-- Given information follows --
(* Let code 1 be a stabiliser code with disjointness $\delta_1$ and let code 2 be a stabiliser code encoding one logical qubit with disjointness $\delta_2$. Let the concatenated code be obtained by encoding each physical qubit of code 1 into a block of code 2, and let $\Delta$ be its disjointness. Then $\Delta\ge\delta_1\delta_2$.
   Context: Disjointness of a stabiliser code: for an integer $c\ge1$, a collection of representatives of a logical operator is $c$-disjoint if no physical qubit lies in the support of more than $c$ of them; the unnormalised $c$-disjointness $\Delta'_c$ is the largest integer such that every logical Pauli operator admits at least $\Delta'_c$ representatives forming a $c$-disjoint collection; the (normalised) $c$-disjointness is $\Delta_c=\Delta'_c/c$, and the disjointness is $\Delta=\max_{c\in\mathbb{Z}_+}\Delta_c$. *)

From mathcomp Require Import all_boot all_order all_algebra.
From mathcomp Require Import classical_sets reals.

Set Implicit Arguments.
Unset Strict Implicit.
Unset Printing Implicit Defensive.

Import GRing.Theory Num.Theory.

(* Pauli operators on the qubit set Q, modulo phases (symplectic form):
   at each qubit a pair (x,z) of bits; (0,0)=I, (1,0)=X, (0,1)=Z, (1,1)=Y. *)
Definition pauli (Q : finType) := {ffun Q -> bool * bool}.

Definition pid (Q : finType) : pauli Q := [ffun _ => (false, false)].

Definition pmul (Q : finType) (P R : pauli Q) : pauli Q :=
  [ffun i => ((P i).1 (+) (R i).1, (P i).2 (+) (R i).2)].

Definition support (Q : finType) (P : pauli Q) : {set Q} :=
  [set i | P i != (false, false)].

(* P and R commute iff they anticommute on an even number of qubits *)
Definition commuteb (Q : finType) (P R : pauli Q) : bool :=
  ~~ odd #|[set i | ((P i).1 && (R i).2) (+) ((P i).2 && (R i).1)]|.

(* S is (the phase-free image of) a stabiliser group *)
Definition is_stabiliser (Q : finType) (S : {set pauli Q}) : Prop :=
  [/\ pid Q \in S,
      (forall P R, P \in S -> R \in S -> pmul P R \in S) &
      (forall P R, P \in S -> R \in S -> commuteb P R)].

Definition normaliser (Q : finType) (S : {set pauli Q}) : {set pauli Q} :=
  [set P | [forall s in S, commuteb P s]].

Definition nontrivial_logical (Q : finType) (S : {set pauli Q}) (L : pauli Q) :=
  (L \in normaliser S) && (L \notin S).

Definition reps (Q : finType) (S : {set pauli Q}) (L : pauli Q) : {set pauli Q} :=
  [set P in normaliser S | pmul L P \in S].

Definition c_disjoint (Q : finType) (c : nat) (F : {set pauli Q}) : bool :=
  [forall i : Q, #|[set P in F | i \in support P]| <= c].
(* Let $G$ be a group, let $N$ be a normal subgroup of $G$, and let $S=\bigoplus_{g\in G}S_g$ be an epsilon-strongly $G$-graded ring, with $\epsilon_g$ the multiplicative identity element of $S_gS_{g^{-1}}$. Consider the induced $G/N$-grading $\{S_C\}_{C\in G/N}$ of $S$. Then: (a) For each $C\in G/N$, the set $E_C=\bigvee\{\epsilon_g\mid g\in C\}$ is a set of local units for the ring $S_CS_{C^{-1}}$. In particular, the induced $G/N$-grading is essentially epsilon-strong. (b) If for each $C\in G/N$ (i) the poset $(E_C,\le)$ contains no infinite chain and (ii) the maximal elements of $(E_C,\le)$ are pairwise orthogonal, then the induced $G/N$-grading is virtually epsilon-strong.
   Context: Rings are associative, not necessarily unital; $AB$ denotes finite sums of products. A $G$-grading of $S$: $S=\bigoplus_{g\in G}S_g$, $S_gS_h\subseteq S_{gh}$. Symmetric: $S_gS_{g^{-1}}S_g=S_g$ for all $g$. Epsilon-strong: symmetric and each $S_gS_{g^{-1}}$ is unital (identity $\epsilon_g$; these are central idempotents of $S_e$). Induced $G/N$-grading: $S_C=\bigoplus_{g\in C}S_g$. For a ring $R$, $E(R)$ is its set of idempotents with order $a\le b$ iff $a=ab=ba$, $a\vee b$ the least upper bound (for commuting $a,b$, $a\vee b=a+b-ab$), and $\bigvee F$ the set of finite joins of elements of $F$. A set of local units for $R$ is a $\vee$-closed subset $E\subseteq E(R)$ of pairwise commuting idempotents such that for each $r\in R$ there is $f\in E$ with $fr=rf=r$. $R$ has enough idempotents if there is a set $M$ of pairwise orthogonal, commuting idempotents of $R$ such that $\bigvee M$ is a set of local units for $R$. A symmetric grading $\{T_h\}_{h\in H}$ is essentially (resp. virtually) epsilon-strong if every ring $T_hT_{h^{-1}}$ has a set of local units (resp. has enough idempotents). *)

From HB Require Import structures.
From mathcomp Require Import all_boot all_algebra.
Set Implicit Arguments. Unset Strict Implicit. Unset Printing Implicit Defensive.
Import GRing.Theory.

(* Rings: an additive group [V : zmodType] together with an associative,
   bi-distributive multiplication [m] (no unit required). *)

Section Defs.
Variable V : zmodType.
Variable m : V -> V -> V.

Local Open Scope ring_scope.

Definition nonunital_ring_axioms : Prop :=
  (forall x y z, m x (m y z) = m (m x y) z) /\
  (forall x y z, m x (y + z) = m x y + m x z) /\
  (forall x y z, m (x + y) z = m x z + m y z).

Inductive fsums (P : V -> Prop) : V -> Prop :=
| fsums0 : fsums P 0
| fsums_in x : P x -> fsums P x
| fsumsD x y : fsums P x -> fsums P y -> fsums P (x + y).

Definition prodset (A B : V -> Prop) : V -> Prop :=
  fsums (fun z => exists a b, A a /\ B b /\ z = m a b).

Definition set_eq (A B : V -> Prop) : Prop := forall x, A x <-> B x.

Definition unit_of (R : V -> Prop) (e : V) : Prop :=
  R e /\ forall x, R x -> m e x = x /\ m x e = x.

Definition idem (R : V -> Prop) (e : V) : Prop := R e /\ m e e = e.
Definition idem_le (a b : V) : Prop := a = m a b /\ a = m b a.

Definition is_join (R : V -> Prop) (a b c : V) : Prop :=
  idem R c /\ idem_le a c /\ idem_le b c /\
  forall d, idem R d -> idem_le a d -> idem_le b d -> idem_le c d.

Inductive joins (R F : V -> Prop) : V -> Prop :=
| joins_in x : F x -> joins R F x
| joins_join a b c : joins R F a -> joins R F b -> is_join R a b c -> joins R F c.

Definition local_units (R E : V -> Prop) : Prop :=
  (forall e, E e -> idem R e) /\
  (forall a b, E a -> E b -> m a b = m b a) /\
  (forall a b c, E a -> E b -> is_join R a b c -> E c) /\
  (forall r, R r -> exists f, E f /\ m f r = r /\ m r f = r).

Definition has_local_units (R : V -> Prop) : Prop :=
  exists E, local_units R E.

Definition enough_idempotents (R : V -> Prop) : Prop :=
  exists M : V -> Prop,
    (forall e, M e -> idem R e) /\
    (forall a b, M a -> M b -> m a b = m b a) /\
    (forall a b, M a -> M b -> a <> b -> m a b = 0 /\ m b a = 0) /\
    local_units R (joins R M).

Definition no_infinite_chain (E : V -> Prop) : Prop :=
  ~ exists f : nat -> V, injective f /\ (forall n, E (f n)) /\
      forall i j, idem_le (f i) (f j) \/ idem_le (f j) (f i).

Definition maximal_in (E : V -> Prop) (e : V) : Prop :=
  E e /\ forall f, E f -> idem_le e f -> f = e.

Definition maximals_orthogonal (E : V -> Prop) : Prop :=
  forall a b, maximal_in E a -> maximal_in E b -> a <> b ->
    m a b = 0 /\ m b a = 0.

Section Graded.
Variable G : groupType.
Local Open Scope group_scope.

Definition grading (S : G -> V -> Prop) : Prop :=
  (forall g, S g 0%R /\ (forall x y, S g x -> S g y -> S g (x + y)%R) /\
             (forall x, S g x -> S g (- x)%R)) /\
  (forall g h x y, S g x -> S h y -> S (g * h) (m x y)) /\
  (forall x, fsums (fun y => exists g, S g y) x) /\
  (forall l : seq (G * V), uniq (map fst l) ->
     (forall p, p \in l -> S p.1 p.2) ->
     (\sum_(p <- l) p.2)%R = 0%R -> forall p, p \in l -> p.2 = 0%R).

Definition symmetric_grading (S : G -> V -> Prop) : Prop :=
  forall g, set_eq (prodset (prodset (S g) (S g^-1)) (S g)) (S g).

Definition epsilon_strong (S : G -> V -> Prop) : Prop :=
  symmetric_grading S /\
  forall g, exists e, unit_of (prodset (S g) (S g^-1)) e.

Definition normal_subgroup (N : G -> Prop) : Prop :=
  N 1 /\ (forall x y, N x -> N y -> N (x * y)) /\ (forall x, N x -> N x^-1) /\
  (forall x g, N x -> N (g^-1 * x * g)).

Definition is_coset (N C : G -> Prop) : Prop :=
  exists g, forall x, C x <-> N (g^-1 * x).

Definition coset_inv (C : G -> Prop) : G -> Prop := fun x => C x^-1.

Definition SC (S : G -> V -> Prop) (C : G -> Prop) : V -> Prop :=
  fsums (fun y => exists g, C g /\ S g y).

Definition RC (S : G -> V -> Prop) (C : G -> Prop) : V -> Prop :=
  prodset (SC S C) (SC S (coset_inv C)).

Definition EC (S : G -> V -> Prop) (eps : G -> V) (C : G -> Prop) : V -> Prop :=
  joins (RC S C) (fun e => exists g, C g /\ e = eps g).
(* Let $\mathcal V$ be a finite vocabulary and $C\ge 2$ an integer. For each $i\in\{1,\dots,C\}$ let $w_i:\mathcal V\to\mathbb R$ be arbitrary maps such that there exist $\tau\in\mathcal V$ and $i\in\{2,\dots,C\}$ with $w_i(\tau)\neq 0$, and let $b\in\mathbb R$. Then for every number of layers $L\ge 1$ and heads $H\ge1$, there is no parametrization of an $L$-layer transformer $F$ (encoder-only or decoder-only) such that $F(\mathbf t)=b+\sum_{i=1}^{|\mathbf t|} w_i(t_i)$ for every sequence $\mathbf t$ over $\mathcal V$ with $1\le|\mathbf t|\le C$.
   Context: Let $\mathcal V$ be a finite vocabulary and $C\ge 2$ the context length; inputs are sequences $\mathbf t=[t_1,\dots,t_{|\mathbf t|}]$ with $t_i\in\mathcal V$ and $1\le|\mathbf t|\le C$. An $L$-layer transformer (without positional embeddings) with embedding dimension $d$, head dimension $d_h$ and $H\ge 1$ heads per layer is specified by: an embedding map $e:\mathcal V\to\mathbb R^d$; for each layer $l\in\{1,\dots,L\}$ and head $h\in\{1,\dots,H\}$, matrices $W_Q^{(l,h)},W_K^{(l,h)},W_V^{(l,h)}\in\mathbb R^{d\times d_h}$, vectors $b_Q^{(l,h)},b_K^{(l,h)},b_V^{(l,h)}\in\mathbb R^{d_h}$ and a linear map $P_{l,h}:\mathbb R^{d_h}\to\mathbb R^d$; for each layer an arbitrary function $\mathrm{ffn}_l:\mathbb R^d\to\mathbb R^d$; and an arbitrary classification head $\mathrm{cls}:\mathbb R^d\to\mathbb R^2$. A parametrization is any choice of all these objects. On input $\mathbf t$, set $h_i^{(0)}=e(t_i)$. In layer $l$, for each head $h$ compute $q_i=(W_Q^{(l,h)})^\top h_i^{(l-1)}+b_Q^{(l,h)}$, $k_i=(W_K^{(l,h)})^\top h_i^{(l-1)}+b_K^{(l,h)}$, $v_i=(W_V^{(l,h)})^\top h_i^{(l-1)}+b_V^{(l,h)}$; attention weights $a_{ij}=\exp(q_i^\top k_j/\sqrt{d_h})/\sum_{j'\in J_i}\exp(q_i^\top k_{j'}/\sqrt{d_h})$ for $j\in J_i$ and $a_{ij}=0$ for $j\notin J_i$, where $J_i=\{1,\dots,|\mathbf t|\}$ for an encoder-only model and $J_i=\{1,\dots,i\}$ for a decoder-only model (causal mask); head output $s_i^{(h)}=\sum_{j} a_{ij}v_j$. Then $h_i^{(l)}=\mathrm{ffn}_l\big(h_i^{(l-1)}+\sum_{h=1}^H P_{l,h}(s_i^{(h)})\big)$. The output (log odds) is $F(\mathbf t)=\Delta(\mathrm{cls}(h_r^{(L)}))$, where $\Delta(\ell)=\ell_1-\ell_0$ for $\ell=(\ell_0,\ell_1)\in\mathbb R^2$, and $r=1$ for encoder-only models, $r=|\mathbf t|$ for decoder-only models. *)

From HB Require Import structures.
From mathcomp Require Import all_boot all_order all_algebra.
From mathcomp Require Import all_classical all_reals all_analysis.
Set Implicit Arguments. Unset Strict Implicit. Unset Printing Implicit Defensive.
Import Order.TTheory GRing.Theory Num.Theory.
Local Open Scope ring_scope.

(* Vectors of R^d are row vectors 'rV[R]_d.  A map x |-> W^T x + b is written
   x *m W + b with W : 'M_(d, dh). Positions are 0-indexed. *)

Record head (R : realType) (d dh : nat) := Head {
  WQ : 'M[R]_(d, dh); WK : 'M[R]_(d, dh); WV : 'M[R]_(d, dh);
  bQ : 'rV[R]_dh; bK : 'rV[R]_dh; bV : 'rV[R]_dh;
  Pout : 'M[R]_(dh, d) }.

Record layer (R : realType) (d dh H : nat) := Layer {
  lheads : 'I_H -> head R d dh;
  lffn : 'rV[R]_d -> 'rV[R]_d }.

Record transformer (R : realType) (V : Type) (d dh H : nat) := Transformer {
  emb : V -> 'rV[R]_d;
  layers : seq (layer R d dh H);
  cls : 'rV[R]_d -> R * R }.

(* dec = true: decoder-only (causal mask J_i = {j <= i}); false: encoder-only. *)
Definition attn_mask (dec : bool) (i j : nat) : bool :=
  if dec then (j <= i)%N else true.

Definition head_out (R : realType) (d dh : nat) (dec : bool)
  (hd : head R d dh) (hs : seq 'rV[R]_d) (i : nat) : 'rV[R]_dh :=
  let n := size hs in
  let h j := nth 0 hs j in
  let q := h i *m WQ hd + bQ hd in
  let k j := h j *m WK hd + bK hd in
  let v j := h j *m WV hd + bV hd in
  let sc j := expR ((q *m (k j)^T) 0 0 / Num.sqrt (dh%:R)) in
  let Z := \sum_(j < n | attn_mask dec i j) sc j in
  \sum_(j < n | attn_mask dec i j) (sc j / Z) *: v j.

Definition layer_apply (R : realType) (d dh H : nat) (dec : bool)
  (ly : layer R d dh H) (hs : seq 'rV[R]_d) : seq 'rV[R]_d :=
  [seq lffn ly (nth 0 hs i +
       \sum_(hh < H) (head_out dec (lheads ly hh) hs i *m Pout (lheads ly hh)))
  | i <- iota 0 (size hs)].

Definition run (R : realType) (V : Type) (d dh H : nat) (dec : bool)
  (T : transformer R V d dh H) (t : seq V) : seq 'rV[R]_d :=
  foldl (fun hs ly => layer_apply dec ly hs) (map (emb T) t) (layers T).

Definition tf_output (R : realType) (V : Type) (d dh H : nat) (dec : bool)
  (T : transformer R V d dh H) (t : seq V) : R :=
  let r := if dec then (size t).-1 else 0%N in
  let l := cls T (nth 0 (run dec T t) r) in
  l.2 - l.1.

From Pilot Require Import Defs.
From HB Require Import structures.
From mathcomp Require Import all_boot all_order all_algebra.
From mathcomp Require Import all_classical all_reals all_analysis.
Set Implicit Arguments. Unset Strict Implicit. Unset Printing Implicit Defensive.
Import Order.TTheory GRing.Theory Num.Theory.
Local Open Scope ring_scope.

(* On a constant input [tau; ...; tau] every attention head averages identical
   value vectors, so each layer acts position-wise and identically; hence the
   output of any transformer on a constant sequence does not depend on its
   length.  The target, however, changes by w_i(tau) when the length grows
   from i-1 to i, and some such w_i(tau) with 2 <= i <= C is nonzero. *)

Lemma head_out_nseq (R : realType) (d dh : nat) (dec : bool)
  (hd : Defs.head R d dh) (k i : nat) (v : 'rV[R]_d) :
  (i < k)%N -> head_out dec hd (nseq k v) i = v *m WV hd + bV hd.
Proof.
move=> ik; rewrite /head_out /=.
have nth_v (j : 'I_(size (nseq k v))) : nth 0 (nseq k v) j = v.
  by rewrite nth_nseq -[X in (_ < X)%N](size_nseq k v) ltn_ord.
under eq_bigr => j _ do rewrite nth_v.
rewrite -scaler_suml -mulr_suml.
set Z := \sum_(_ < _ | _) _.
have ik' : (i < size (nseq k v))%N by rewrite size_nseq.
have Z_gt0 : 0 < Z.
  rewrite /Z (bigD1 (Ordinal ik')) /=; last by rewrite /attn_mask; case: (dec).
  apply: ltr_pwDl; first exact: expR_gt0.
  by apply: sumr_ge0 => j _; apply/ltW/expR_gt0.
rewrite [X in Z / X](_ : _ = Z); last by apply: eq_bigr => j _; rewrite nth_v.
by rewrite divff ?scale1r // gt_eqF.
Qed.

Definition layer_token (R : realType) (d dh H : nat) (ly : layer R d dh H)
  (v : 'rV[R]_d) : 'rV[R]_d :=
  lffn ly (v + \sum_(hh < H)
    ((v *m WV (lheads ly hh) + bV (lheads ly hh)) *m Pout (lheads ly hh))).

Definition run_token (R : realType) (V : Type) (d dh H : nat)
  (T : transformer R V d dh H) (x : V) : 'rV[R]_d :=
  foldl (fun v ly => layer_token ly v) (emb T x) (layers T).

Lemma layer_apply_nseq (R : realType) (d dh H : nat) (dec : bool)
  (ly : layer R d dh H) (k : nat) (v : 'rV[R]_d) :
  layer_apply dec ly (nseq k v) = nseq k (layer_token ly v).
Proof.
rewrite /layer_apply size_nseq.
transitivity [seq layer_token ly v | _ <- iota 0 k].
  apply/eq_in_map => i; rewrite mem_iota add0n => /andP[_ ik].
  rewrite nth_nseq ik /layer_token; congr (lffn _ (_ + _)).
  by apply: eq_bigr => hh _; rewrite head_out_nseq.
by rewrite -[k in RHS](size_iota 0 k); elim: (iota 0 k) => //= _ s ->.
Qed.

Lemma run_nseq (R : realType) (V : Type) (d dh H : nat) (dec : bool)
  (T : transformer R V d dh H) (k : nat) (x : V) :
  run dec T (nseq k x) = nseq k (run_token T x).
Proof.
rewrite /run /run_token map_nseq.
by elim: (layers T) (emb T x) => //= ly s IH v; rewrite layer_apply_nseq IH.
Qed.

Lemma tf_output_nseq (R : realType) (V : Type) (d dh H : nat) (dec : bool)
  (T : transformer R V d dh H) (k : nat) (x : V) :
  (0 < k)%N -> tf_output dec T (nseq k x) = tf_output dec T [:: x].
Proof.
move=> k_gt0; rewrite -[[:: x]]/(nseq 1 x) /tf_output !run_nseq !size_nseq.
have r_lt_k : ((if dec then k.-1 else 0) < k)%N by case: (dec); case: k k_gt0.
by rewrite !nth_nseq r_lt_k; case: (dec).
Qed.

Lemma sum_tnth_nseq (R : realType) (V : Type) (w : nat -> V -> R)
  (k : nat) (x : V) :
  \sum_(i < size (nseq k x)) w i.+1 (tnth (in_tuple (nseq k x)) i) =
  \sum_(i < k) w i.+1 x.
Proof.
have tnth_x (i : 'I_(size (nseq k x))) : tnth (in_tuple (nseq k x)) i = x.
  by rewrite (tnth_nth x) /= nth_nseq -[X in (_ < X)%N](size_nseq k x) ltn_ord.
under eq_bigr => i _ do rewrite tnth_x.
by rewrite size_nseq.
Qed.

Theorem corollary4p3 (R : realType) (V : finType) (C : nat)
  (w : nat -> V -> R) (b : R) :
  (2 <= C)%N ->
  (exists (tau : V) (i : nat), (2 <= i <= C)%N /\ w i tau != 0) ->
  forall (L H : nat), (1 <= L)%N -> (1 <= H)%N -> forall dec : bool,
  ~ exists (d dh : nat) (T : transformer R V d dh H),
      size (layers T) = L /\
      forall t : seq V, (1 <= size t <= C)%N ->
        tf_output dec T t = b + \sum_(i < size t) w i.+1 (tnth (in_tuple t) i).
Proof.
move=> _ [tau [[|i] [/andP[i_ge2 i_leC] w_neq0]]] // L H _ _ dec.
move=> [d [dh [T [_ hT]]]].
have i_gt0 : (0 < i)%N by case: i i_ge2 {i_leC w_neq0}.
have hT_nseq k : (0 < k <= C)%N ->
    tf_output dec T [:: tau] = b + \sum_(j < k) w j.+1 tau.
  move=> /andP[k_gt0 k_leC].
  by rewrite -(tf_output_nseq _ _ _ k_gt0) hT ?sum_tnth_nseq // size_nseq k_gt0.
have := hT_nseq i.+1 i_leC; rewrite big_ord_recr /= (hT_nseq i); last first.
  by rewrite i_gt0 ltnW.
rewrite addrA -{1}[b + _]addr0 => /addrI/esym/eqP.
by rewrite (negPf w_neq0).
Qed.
-- Given information concluded --
** The task **
Count, and answer with the number only: how many lines of the data include the string "fsums"?

** Exercise output **
7